Task description: From the entries that follow, reproduce exactly and only the lines from the line with "move=> b /andP[b_gt0" to the line with "split => //; exists (evalmx", endpoints included.

---

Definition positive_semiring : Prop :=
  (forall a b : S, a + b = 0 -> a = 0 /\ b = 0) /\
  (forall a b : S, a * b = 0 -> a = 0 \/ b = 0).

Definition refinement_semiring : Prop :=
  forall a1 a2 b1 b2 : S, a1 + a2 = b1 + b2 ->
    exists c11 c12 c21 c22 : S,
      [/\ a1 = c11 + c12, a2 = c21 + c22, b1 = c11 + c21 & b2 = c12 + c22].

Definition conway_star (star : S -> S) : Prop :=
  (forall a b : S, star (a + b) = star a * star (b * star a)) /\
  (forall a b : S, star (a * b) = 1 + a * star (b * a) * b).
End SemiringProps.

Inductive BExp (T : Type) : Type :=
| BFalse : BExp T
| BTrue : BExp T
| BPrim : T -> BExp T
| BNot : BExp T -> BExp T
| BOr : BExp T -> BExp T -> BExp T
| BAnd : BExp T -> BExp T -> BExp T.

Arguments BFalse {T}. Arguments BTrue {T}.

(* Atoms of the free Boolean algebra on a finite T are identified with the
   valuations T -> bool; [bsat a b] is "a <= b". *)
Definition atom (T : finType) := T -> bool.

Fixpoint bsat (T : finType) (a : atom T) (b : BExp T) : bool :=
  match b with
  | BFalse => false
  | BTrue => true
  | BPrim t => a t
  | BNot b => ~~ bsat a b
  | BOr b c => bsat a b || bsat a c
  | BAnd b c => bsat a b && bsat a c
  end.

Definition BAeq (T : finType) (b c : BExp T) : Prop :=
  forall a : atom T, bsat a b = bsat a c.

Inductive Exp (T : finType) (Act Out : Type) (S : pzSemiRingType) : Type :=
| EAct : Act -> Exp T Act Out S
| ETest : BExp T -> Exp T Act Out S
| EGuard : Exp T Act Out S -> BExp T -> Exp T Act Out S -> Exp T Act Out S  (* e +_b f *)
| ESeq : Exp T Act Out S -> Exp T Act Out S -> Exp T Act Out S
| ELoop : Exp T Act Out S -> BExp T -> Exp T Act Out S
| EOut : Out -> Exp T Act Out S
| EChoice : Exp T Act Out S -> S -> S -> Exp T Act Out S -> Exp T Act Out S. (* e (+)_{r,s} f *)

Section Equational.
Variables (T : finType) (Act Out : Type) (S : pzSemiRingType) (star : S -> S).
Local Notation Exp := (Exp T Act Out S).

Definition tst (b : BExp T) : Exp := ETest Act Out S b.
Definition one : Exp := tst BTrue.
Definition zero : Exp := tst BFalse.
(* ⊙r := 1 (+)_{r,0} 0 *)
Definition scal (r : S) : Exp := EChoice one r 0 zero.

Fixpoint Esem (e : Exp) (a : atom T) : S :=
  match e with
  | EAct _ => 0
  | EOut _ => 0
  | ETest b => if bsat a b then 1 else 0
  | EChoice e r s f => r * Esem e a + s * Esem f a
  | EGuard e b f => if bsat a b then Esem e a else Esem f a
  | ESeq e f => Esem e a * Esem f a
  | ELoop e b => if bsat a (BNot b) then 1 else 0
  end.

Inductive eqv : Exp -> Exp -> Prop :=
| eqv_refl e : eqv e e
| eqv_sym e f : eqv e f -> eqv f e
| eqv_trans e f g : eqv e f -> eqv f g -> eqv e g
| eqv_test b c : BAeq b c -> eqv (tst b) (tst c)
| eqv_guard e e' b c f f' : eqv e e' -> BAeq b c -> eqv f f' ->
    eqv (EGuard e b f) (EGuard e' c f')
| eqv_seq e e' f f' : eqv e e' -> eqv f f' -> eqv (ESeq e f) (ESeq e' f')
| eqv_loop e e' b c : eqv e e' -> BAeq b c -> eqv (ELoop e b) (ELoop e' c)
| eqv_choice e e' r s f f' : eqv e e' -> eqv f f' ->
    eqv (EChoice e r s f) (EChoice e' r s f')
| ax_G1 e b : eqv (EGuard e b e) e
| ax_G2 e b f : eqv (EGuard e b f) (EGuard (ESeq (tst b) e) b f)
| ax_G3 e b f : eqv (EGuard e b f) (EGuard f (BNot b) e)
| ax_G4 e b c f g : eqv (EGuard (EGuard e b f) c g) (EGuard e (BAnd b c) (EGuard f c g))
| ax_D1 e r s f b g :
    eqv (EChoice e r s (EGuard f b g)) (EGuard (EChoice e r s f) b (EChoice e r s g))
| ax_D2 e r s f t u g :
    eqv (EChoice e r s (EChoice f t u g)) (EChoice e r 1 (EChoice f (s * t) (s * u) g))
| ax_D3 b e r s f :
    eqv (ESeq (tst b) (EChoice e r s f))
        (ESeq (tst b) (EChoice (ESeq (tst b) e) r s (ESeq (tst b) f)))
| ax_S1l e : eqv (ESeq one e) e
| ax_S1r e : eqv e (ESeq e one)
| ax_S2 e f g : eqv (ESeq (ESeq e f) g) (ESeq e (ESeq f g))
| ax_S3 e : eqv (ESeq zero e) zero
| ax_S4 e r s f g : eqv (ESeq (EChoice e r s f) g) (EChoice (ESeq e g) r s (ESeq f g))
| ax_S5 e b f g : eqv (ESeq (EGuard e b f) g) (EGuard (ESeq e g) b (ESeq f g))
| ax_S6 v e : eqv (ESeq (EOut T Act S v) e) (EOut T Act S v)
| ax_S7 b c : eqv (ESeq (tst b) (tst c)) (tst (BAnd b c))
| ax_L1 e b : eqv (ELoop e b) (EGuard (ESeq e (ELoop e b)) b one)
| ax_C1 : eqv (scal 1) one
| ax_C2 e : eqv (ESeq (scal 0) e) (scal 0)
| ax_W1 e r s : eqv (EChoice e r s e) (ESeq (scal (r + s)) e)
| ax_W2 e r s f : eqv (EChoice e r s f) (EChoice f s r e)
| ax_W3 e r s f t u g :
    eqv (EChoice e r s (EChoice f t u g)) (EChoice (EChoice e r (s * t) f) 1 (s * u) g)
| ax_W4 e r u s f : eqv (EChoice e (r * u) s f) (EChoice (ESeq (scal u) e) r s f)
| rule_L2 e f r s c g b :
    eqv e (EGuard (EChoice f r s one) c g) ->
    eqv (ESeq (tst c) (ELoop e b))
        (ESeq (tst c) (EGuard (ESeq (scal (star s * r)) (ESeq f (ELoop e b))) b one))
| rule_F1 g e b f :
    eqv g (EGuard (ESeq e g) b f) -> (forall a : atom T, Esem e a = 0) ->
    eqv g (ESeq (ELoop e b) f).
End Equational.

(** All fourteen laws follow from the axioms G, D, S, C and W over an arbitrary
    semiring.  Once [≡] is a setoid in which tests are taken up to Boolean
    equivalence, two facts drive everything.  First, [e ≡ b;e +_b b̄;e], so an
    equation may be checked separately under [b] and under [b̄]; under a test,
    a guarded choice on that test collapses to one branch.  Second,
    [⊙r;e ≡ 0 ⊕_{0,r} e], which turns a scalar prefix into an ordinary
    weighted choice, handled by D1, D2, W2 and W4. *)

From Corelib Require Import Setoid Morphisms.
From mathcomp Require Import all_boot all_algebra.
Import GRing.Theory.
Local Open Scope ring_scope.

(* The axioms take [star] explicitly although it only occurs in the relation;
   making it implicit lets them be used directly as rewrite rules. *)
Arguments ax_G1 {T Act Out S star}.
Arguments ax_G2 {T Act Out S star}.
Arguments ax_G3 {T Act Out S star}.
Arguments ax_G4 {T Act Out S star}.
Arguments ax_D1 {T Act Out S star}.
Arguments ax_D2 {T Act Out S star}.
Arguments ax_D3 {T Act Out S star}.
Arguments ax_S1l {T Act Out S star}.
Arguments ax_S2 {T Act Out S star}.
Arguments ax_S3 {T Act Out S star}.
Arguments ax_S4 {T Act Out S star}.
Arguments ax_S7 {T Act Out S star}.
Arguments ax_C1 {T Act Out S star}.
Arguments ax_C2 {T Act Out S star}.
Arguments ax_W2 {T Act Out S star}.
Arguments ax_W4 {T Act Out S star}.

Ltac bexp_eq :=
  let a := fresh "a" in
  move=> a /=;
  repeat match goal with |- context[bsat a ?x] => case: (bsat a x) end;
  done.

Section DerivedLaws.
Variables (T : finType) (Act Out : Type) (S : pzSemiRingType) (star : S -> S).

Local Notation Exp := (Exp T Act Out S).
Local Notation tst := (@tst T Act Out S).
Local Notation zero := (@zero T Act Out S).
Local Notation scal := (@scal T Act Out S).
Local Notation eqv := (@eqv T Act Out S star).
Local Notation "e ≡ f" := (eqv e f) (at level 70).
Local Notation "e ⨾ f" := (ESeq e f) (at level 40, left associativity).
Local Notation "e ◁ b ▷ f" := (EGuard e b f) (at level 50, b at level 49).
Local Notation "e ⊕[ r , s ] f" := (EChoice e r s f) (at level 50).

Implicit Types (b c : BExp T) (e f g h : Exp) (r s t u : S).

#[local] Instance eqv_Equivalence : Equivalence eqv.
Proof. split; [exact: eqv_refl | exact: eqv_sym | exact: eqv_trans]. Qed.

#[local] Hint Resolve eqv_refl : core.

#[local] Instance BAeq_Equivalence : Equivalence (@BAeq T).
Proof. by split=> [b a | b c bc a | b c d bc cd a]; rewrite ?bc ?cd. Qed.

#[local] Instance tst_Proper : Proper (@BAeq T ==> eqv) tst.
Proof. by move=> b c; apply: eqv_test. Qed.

---

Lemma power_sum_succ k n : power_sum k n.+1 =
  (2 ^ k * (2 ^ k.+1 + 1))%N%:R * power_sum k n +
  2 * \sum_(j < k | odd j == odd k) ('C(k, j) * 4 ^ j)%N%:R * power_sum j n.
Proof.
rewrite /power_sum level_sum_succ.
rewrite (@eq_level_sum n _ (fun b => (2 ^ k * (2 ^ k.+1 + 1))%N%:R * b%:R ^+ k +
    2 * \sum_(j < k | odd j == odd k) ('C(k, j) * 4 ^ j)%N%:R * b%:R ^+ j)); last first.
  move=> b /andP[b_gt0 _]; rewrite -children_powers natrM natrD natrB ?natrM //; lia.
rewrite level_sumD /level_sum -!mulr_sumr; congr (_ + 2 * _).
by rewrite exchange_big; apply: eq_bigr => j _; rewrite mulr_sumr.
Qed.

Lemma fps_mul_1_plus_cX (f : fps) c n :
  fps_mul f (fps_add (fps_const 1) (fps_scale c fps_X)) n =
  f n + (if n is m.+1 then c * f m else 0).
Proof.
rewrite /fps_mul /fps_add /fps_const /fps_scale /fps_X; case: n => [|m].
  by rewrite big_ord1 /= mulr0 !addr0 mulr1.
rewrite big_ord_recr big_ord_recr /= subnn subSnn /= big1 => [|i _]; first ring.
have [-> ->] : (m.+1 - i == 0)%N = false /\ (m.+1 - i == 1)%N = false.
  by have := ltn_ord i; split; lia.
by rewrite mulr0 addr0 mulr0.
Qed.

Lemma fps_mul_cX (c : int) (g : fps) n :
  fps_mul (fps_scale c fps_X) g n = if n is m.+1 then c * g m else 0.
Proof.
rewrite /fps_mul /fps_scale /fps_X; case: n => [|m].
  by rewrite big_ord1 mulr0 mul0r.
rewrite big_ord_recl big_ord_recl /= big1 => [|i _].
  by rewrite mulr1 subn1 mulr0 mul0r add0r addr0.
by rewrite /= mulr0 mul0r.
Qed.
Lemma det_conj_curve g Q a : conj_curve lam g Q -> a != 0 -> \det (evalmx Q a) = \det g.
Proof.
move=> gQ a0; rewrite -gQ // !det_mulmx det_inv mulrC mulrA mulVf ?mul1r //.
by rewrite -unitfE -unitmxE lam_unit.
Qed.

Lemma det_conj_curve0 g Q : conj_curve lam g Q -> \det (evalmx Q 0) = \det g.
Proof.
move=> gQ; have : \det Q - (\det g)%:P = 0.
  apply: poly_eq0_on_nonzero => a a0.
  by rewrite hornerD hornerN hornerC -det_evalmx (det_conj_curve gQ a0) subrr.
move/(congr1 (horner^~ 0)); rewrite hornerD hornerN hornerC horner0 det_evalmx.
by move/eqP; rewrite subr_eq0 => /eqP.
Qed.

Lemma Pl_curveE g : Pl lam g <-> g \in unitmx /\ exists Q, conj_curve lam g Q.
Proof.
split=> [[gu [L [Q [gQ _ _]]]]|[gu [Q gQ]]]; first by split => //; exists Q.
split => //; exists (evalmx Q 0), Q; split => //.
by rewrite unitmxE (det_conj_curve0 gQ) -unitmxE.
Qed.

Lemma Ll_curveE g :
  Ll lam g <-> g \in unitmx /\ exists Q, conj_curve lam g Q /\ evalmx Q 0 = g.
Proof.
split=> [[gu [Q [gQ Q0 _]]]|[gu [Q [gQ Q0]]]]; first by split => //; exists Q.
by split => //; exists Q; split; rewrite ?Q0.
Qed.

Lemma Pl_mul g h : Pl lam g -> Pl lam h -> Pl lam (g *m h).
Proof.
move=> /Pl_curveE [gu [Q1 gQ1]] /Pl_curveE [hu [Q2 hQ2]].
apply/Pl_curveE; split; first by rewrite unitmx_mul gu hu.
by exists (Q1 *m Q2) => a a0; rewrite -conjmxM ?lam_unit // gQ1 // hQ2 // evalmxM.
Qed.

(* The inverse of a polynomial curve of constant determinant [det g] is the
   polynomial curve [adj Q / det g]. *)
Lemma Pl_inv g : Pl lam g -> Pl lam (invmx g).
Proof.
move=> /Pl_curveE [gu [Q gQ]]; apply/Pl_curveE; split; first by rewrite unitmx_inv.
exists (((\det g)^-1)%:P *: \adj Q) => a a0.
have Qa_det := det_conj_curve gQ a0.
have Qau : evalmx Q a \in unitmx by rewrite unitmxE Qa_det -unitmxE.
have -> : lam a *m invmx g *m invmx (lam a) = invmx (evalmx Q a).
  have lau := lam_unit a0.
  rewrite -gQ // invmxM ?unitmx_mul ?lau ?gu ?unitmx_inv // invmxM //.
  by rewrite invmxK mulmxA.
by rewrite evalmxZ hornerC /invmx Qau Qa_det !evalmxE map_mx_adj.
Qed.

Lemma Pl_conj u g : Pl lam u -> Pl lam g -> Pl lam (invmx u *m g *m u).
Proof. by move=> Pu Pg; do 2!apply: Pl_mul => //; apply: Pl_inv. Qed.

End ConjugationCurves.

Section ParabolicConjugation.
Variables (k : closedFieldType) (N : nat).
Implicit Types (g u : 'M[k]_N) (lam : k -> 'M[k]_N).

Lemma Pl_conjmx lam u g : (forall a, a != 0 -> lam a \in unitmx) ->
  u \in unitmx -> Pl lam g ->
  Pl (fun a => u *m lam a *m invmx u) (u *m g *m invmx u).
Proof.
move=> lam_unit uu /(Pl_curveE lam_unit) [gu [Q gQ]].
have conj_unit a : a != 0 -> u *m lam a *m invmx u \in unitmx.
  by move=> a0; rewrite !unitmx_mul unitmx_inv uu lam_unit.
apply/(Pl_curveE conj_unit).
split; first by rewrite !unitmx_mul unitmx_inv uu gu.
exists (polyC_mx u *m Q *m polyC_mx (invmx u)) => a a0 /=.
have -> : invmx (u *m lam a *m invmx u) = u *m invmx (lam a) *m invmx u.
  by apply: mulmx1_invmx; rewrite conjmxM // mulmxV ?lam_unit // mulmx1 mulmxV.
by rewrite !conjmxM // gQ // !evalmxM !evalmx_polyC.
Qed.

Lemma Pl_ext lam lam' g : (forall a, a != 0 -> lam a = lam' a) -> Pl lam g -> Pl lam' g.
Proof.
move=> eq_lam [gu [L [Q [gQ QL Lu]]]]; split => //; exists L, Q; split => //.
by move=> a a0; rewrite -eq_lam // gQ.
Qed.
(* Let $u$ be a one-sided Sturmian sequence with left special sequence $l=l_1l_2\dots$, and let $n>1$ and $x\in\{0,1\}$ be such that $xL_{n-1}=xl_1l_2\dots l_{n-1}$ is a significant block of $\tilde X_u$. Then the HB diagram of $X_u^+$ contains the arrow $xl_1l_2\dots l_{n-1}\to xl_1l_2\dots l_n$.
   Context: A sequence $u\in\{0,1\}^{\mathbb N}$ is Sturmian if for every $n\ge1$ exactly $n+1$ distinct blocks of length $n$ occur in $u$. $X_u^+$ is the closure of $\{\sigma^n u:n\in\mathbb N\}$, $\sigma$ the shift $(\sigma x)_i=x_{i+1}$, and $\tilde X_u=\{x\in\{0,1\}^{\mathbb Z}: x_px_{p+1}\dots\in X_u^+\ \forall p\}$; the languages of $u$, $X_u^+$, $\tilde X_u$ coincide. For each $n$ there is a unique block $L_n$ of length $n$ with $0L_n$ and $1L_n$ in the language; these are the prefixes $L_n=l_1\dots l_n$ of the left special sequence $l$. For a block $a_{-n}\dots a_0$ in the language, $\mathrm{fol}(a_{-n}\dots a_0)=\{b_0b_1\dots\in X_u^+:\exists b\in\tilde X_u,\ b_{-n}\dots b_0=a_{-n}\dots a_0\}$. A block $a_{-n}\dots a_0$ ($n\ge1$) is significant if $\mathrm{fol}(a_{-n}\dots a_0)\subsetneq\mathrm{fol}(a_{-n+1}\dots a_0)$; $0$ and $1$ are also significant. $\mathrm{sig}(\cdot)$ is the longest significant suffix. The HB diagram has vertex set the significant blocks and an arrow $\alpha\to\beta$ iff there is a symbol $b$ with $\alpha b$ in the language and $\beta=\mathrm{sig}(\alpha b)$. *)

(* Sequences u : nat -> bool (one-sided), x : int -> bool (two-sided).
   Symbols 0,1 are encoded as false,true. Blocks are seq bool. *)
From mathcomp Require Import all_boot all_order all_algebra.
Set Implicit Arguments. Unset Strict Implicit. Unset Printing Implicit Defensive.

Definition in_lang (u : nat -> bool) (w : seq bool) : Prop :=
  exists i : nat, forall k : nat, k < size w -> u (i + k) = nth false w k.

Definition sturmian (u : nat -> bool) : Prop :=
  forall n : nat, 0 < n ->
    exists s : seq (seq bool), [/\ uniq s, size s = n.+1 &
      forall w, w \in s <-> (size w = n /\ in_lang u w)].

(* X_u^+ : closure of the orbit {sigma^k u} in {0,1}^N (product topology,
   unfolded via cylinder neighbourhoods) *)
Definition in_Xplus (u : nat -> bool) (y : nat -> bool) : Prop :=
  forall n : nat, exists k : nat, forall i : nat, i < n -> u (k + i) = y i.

---

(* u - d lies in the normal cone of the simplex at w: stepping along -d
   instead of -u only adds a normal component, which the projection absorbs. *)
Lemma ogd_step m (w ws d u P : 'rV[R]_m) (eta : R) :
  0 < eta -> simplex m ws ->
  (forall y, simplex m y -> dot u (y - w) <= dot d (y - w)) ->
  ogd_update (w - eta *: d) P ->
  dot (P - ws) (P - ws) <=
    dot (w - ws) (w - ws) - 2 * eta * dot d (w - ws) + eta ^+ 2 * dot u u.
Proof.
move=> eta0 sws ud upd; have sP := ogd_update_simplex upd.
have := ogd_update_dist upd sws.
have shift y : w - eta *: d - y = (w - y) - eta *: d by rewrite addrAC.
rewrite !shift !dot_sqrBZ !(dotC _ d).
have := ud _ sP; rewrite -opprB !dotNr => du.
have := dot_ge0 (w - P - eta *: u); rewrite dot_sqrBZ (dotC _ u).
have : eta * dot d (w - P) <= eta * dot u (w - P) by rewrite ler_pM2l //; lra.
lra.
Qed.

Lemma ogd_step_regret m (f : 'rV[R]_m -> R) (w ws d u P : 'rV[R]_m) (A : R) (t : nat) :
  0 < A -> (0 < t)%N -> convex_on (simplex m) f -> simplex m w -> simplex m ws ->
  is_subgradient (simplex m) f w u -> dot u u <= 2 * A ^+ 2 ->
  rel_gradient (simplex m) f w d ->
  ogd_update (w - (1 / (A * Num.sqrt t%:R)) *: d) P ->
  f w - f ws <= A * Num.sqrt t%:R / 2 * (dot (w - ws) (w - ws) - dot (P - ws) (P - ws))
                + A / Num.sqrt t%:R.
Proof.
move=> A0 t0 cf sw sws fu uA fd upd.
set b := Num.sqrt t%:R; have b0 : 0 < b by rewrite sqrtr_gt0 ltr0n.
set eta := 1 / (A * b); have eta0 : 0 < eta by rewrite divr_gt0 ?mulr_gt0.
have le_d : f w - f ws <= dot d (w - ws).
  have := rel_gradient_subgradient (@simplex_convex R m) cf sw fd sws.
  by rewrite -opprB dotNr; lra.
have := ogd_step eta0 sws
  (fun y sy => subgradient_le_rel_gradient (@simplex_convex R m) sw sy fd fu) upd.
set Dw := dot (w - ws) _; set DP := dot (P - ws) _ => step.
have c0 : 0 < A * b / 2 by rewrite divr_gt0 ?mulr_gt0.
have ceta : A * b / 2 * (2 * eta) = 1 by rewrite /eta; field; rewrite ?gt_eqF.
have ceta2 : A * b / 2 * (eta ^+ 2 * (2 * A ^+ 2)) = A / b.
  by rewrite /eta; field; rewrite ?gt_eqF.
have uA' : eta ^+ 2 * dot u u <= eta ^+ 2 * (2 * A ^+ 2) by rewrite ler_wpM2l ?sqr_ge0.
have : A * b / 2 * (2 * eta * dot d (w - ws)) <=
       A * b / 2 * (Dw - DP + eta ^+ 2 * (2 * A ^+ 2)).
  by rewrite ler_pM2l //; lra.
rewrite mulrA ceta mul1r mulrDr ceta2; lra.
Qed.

---

Solution to this problem:
  move=> b /andP[b_gt0 _]; rewrite -children_powers natrM natrD natrB ?natrM //; lia.
rewrite level_sumD /level_sum -!mulr_sumr; congr (_ + 2 * _).
by rewrite exchange_big; apply: eq_bigr => j _; rewrite mulr_sumr.
Qed.

Lemma fps_mul_1_plus_cX (f : fps) c n :
  fps_mul f (fps_add (fps_const 1) (fps_scale c fps_X)) n =
  f n + (if n is m.+1 then c * f m else 0).
Proof.
rewrite /fps_mul /fps_add /fps_const /fps_scale /fps_X; case: n => [|m].
  by rewrite big_ord1 /= mulr0 !addr0 mulr1.
rewrite big_ord_recr big_ord_recr /= subnn subSnn /= big1 => [|i _]; first ring.
have [-> ->] : (m.+1 - i == 0)%N = false /\ (m.+1 - i == 1)%N = false.
  by have := ltn_ord i; split; lia.
by rewrite mulr0 addr0 mulr0.
Qed.

Lemma fps_mul_cX (c : int) (g : fps) n :
  fps_mul (fps_scale c fps_X) g n = if n is m.+1 then c * g m else 0.
Proof.
rewrite /fps_mul /fps_scale /fps_X; case: n => [|m].
  by rewrite big_ord1 mulr0 mul0r.
rewrite big_ord_recl big_ord_recl /= big1 => [|i _].
  by rewrite mulr1 subn1 mulr0 mul0r add0r addr0.
by rewrite /= mulr0 mul0r.
Qed.
Lemma det_conj_curve g Q a : conj_curve lam g Q -> a != 0 -> \det (evalmx Q a) = \det g.
Proof.
move=> gQ a0; rewrite -gQ // !det_mulmx det_inv mulrC mulrA mulVf ?mul1r //.
by rewrite -unitfE -unitmxE lam_unit.
Qed.

Lemma det_conj_curve0 g Q : conj_curve lam g Q -> \det (evalmx Q 0) = \det g.
Proof.
move=> gQ; have : \det Q - (\det g)%:P = 0.
  apply: poly_eq0_on_nonzero => a a0.
  by rewrite hornerD hornerN hornerC -det_evalmx (det_conj_curve gQ a0) subrr.
move/(congr1 (horner^~ 0)); rewrite hornerD hornerN hornerC horner0 det_evalmx.
by move/eqP; rewrite subr_eq0 => /eqP.
Qed.

Lemma Pl_curveE g : Pl lam g <-> g \in unitmx /\ exists Q, conj_curve lam g Q.
Proof.
split=> [[gu [L [Q [gQ _ _]]]]|[gu [Q gQ]]]; first by split => //; exists Q.
split => //; exists (evalmx Q 0), Q; split => //.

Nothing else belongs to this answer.